Lapham’s takes a deep dive into the life and work of William McGonagall, the worst poet to ever live (though I could line up a few challengers for him), and his penchant for disaster.

Scotland has justifiably claimed him as its own, but in all likelihood McGonagall was born in Ireland, in 1825. His family migrated to Dundee when William was a child, and like much of the city’s population, he grew up to be a weaver. The textile business was booming then, though the apogee of the mechanical revolution wasn’t far behind. And as the industry began to make workers redundant amid its collapse in 1877, McGonagall had a conveniently timed epiphany. Sitting in his room on a spring day, he recalls, “I seemed to feel as it were a strange kind of feeling stealing over me…I imagined that a pen was in my right hand, and a voice crying, ‘Write! Write!’” He complied, writing a graceless tribute to the Scottish preacher George Gilfillan (himself a poet, although the misfortune of having been eulogized by his fellow Dundonian has been the better part of his literary legacy). McGonagall sent the results to Dundee’s Weekly News, where they were subsequently published by a deeply bemused editorial staff.

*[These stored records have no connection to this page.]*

Lemma mxstarM m n p (A : 'M[F]_(m, n)) (B : 'M[F]_(n, p)) :
  st (A *m B) = st B *m st A.
Proof. by case: s => /=; rewrite trmx_mul // map_mxM. Qed.

Lemma mxstarK m n (A : 'M[F]_(m, n)) : st (st A) = A.
Proof.
case: s => /=; last by rewrite trmxK.
by rewrite map_trmx trmxK -map_mx_comp map_mx_id // => x /=; rewrite conjK.
Qed.

Lemma mxstar_mul_invmx p e (A R : 'M[F]_p) : conj e = e -> R \in unitmx ->
  st A *m R = e *: (st R *m A) -> st (A *m invmx R) = e *: (A *m invmx R).
Proof.
move=> conj_e R_unit AR.
have stRV : st (invmx R) *m st R = 1%:M by rewrite -mxstarM mulmxV // mxstar1.
rewrite mxstarM.
have -> : st (invmx R) *m st A = st (invmx R) *m (st A *m R) *m invmx R.
  by rewrite -mulmxA mulmxK.
by rewrite AR -scalemxAr -scalemxAl mulmxA stRV mul1mx.
Qed.

End Star.

Section StructuredPerturbation.

Variables (F : fieldType) (conj : {rmorphism F -> F}) (s : star_kind).
Hypothesis conjK : involutive conj.
Local Notation st := (mxstar conj s).

Variables (e1 e2 : F).
Hypotheses (e1_sign : e1 = 1 \/ e1 = -1) (e2_sign : e2 = 1 \/ e2 = -1).
Variables (n p1 : nat) (M D K : 'M[F]_n) (Xc : 'M[F]_(n, p1)) (Lc : 'M[F]_p1).
Hypotheses (M_sym : st M = e1 *: M) (D_sym : st D = e2 *: D) (K_sym : st K = e1 *: K).
Hypothesis inv_c : invariant_pair M D K Xc Lc.

Local Notation ep := (e1 * e2).
Local Notation W := (cross_term ep M D (st Xc) (st Lc)).
Local Notation dM := (deltaM M Xc (st Xc)).
Local Notation dD := (deltaD ep M D Xc Lc (st Xc) (st Lc)).
Local Notation dK := (deltaK ep M D Xc Lc (st Xc) (st Lc)).

Let conj_e1 : conj e1 = e1. Proof. exact: conj_sign. Qed.
Let conj_ep : conj ep = ep. Proof. by rewrite rmorphM conj_e1 conj_sign. Qed.
Let e1e1 : e1 * e1 = 1. Proof. exact: sign_mulss. Qed.
Let epep : ep * ep = 1. Proof. by rewrite mulrACA e1e1 sign_mulss ?mul1r. Qed.

Ltac sign_cases :=
  let E1 := fresh in let E2 := fresh in
  case: e1_sign => E1; case: e2_sign => E2; rewrite ?E1 ?E2; mx_expand;
  rewrite ?(mul1r, mulr1, mulN1r, mulrN1, opprK, scale1r, scaleN1r, scalerN);
  addr_perm.

Lemma cross_term_sylvester p (X : 'M[F]_(n, p)) (L : 'M[F]_p) :
  invariant_pair M D K X L -> W X L *m L = ep *: (st Lc *m W X L).
Proof.
move=> inv_XL.
have split_residuals : W X L *m L + e1 *: (st (quad_residual M D K Xc Lc) *m X) =
    ep *: (st Lc *m W X L) + st Xc *m quad_residual M D K X L.
  rewrite /cross_term /quad_residual !mxstarD !mxstarM // K_sym D_sym M_sym; sign_cases.
by move: split_residuals; rewrite [quad_residual M D K X L]inv_XL [quad_residual _ _ _ Xc Lc]inv_c
  mxstar0 mul0mx mulmx0 scaler0 !addr0.
Qed.
(* Let $n\ge3$ and $k\ge1$. In $H_{n,k}$ the clustering coefficients are as follows. (a) The root $\mathbf r=0\ldots0$ has $c(\mathbf r)=\dfrac{(n-2)^2}{(n-1)^{k+1}-2n+3}$. (b) For each $1\le i\le k-1$, every vertex $\mathbf v=\alpha_1\ldots\alpha_i0\ldots0$ (with $k-i$ trailing zeros) with $\alpha_i\neq0$ has $c(\mathbf v)=\dfrac{(n-2)^2}{(n-1)^{k-i+1}+(n-1)^2-3n+4}$. (c) Every vertex $\mathbf p$ with all coordinates nonzero has $c(\mathbf p)=\dfrac{(n-1)^2+(2k-3)(n-1)+2-2k}{(n+k-2)(n+k-3)}$. (d) For each $1\le i\le k-1$, every vertex $\mathbf p=x_1\ldots x_k$ with $x_i=0$ and $x_j\ne0$ for all $i<j\le k$ has $c(\mathbf p)=\dfrac{(n-1)^2+(2k-2i-3)(n-1)+2+2i-2k}{(n+k-i-2)(n+k-i-3)}$.
   Context: Let $n\ge 2$ and $k\ge 1$ be integers. $H_{n,k}$ is the simple undirected graph with vertex set $V_{n,k}=\mathbb{Z}_n^k$ (so $|V_{n,k}|=n^k$), whose vertices are written as strings $x_1x_2\ldots x_k$ with $x_j\in\mathbb{Z}_n=\{0,1,\ldots,n-1\}$. Two distinct vertices are adjacent if and only if they are related by one of the following rules. For $i=0$ the prefix $x_1\ldots x_i$ is empty, and ''$0\ldots0$'' denotes a string of zeros completing the word to length $k$. (R1) $x_1\ldots x_{k-1}x_k\sim x_1\ldots x_{k-1}y_k$ whenever $y_k\neq x_k$. (R2) For $0\le i\le k-2$: $x_1\ldots x_i0\ldots0\sim x_1\ldots x_ix_{i+1}\ldots x_k$ whenever $x_j\neq 0$ for all $i+1\le j\le k$. (R3) For $1\le i\le k-1$: $x_1\ldots x_{i-1}x_i0\ldots0\sim x_1\ldots x_{i-1}y_i0\ldots0$ whenever $x_i,y_i\neq0$ and $x_i\ne y_i$. In particular, $H_{n,1}$ is the complete graph $K_n$. For a vertex $v$ of degree $\delta_v\ge2$, its clustering coefficient is $c(v)=\frac{2\epsilon_v}{\delta_v(\delta_v-1)}$, where $\epsilon_v$ is the number of edges of the graph joining two neighbours of $v$. *)

From HB Require Import structures.
From mathcomp Require Import all_boot all_order all_algebra.
Set Implicit Arguments. Unset Strict Implicit. Unset Printing Implicit Defensive.
Import Order.TTheory GRing.Theory Num.Theory.

(* Vertices of H_{n,k}: words x_1...x_k over Z_n, encoded as functions
   'I_k -> 'I_n.  Paper position j (1-based) is index j-1 (0-based) here.
   A letter is "zero" iff its nat value is 0. *)
Definition vtx (n k : nat) := {ffun 'I_k -> 'I_n}.

Section H.
Variables n k : nat.
Implicit Types x y : vtx n k.

Definition R1 x y : bool := [forall p : 'I_k, (p < k.-1)%N ==> (x p == y p)].

(* (R2), 0 <= i <= k-2 (i.e. i+2 <= k) : x = x_1..x_i 0..0, y = x_1..x_i y_{i+1}..y_k with
   all y_j (i+1 <= j <= k) nonzero.  0-based: positions p < i shared,
   positions p >= i : x p = 0, y p <> 0. *)
Definition R2 x y : bool :=
  [exists i : 'I_k, (i.+2 <= k)%N &&
    [forall p : 'I_k, if (p < i)%N then x p == y p
                      else (val (x p) == 0%N) && (val (y p) != 0%N)]].

(* (R3), 1 <= i <= k-1 : x = x_1..x_{i-1} x_i 0..0, y = x_1..x_{i-1} y_i 0..0,
   x_i, y_i nonzero and distinct.  0-based: letter x_i is index i-1. *)
Definition R3 x y : bool :=
  [exists i : 'I_k, (1 <= i)%N &&
    [forall p : 'I_k,
       if (p < i.-1)%N then x p == y p
       else if val p == i.-1 then
         [&& val (x p) != 0%N, val (y p) != 0%N & x p != y p]
       else (val (x p) == 0%N) && (val (y p) == 0%N)]].

(* adjacency of H_{n,k}: distinct and related by one of the rules
   (R2 is stated one-directionally, so we symmetrize). *)
Definition adj x y : bool :=
  (x != y) && [|| R1 x y, R2 x y, R2 y x | R3 x y].

Definition deg x : nat := #|[set y | adj x y]|.

Definition eps v : nat :=
  #|[set E : {set vtx n k} |
      [exists a, exists b,
        [&& E == [set a; b], adj a b, adj v a & adj v b]]]|.

Definition clust v : rat :=
  (2 * (eps v)%:R / ((deg v)%:R * ((deg v)%:R - 1)))%R.
End H.

From HB Require Import structures.
From mathcomp Require Import all_boot all_order all_algebra.
From mathcomp Require Import zify ring lra.
Import Order.TTheory GRing.Theory Num.Theory.
Set Implicit Arguments. Unset Strict Implicit. Unset Printing Implicit Defensive.

(* Every vertex falls into one of two shapes, and in both the neighbourhood splits into
   cliques whose mutual adjacencies are explicit.
   If v = x_1..x_k with x_(s+1), ..., x_k nonzero and x_s = 0 (or s = 0), its neighbours
   are the n-2 "siblings" obtained by changing x_k to another nonzero letter, which form a
   clique, and the k-s truncations x_1..x_l 0..0 with s <= l < k; each truncation is
   adjacent to all siblings and to no other truncation.
   If v = x_1..x_j 0..0 with x_j <> 0 (or v is the root, j = 0), its neighbours are the
   (n-1)^(k-i) words x_1..x_i y_(i+1)..y_k with all y nonzero, for j <= i < k, each of which
   has only its own siblings as common neighbours with v, together with (for j > 0) the
   n-2 words obtained by changing x_j to another nonzero letter, which form a clique.
   Summing |N(v) :&: N(a)| over the neighbours a of v gives 2 eps_v, and the geometric sum
   (n-1) + ... + (n-1)^(k-j) yields the closed forms. *)

Lemma card_ffun_pointwise (aT rT : finType) (F : aT -> pred rT) :
  #|[set y : {ffun aT -> rT} | [forall p, y p \in F p]]| = \prod_p #|F p|.
Proof.
have := card_family F; rewrite foldrE big_map big_enum /= => <-.
by apply: eq_card => y; rewrite inE; apply/forallP/familyP => H p; exact: H.
Qed.

Lemma prod_nat_cond_const (I : finType) (P : pred I) (x : nat) :
  \prod_i (if P i then x else 1) = x ^ #|P|.
Proof. by rewrite -big_mkcond prod_nat_const. Qed.

Lemma card_ord_geq k a : #|[pred p : 'I_k | a <= p]| = k - a.
Proof.
rewrite -sum1_card; under eq_bigl do rewrite inE.
rewrite big_mkcond /=.
elim: k => [|k IH]; first by rewrite big_ord0.
rewrite big_ord_recr /= IH; case: leqP => ?; lia.
Qed.

Lemma card_ord_neq0 m : #|[pred c : 'I_m.+1 | c != 0 :> nat]| = m.
Proof.
transitivity #|predC1 (ord0 : 'I_m.+1)|; last by rewrite cardC1 card_ord.
by apply: eq_card => c; rewrite !inE.
Qed.

Lemma card_ord_neq0_neq m (b : 'I_m.+1) : b != 0 :> nat ->
  #|[pred c : 'I_m.+1 | (c != 0 :> nat) && (c != b)]| = m.-1.
Proof.
move=> b_neq0; have := cardD1 b [pred c : 'I_m.+1 | c != 0 :> nat].
rewrite card_ord_neq0 inE b_neq0 => cardE; rewrite [in RHS]cardE add1n.
by apply: eq_card => c; rewrite !inE andbC.
Qed.

Lemma sum_nat_setU_disjoint (T : finType) (A B : {set T}) (F : T -> nat) :
  [disjoint A & B] ->
  \sum_(i in A :|: B) F i = \sum_(i in A) F i + \sum_(i in B) F i.
Proof. by move=> AB; rewrite -bigU //; apply: eq_bigl => i; rewrite !inE. Qed.

Ltac ord_lia := simpl in *; lia.

Section Graph.
Variables (m k : nat).
Local Notation n := m.+1.
Local Notation V := (vtx n k).
Implicit Types x y v a b : V.

Lemma R1P x y : R1 x y <-> (forall p : 'I_k, p < k.-1 -> x p = y p).
Proof.
split => [/forallP H p p_lt | H].
  by apply/eqP; move: (H p) => /implyP; apply.
by apply/forallP => p; apply/implyP => p_lt; apply/eqP; exact: H.
Qed.

Lemma R2P x y : R2 x y <-> exists i, i.+2 <= k /\
  (forall p : 'I_k, (p < i -> x p = y p) /\
                    (i <= p -> x p = 0 :> nat /\ y p <> 0 :> nat)).
Proof.
split.
  case/existsP => i /andP [i_lt /forallP H]; exists i; split => // p.
  move: (H p); case: ifP => p_i.
    by move/eqP => e; split => // ?; ord_lia.
  by case/andP => /eqP x0 /eqP y0; split => // _; lia.
case=> i [i_lt H]; apply/existsP; exists (Ordinal (leq_trans (leqnSn _) i_lt)).
rewrite /= i_lt /=; apply/forallP => p; have [lt ge] := H p.
case: ifP => p_i; first by rewrite lt.
have p_ge : i <= p by rewrite leqNgt p_i.
by have [-> /eqP ->] := ge p_ge.
Qed.

Lemma R3P x y : R3 x y <-> exists i, 0 < i < k /\
  (forall p : 'I_k, (p < i.-1 -> x p = y p) /\
     (p = i.-1 :> nat -> [/\ x p <> 0 :> nat, y p <> 0 :> nat & x p <> y p]) /\
     (i <= p -> x p = 0 :> nat /\ y p = 0 :> nat)).
Proof.
split.
  case/existsP => i /andP [i_gt0 /forallP H]; exists i; split; first by rewrite i_gt0 /=.
  move=> p; move: (H p); case: ifP => p_lt.
    by move/eqP => e; split; [move=> _ | split => ?; ord_lia].
  case: eqP => p_i.
    by case/and3P => /eqP x0 /eqP y0 /eqP xy; split; [move=> ?; ord_lia | split => ?; [|ord_lia]].
  by case/andP => /eqP x0 /eqP y0; split; [move=> ?; ord_lia | split => ?; [ord_lia|]].
case=> i [/andP [i_gt0 i_lt] H]; apply/existsP; exists (Ordinal i_lt).
rewrite /= i_gt0 /=; apply/forallP => p; have [lt [mid ge]] := H p.
case: ifP => p_lt; first by rewrite lt.
case: eqP => p_i; first by have [/eqP -> /eqP -> /eqP ->] := mid p_i.
have p_ge : i <= p by lia.
by have [-> ->] := ge p_ge.
Qed.

Lemma adjP x y : adj x y <-> x <> y /\ (R1 x y \/ R2 x y \/ R2 y x \/ R3 x y).
Proof.
rewrite /adj; split.
  by case/andP => /eqP neq /or4P H; split => //; case: H; tauto.
case=> /eqP -> H /=; apply/or4P.
by case: H => [?|[?|[?|?]]]; [constructor 1|constructor 2|constructor 3|constructor 4].
Qed.

Lemma adj_sym x y : adj x y = adj y x.
Proof.
suff adjC x' y' : adj x' y' -> adj y' x' by apply/idP/idP; apply: adjC.
move=> /adjP [neq H]; apply/adjP; split; first by move=> e; apply: neq.
case: H => [/R1P h | [h | [h | /R3P [i [i_lt h]]]]].
- by left; apply/R1P => p p_lt; rewrite h.
- by right; right; left.
- by right; left.
- right; right; right; apply/R3P; exists i; split => // p.
  have [lt [mid ge]] := h p; split; first by move=> ?; rewrite lt.
  split; first by move=> /mid [? ? ?]; split => //; apply: nesym.
  by move=> /ge [? ?].
Qed.

Lemma adjxx x : adj x x = false.
Proof. by rewrite /adj eqxx. Qed.

Lemma R1_adj x y : x <> y -> (forall p : 'I_k, p < k.-1 -> x p = y p) -> adj x y.
Proof. by move=> neq agree; apply/adjP; split => //; left; apply/R1P. Qed.

Definition nbhd v := [set y | adj v y].

Lemma in_nbhd v y : (y \in nbhd v) = adj v y. Proof. by rewrite inE. Qed.

Definition nbhd_arcs v :=
  [set ab : V * V | [&& adj v ab.1, adj v ab.2 & adj ab.1 ab.2]].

What followed over the next two and a half decades was one of the most bizarre careers in Victorian letters. The Weekly News proved a reliable publisher, though it often accompanied McGonagall’s hapless texts with scathingly ironic commentary (a courtesy they were not inclined to extend to their more traditional poetic contributors). Encouraged by what he misconstrued to be rightful artistic recognition, the poet took to local theaters to read his own works and recite Shakespearean soliloquies, whereupon he was often met with raucous crowds who either mockingly encouraged him—sometimes carrying him aloft into the streets—or pelted him with garbage. (Contemporary accounts allege that among the objects he was barraged with were potatoes, footwear, rotten eggs, fish, sacks of soot, peas, snowballs, and, on at least one occasion, a brick.) His profile rising amid these riotous performances, McGonagall increasingly became the victim of a number of cruel pranks, which only served to inflate his own sense of vocational destiny. He trekked to Balmoral Castle seeking an audience with Queen Victoria after someone had passed him a sham letter of patronage; he was tricked into dining with an imposter posing as the dramatist Dion Boucicault; and in the last years of his life, McGonagall was made a knight of the fictional “Holy Order of the White Elephant,” an honor supposedly bestowed upon him by the king of Burma, and of which he proudly and obliviously boasted until his death.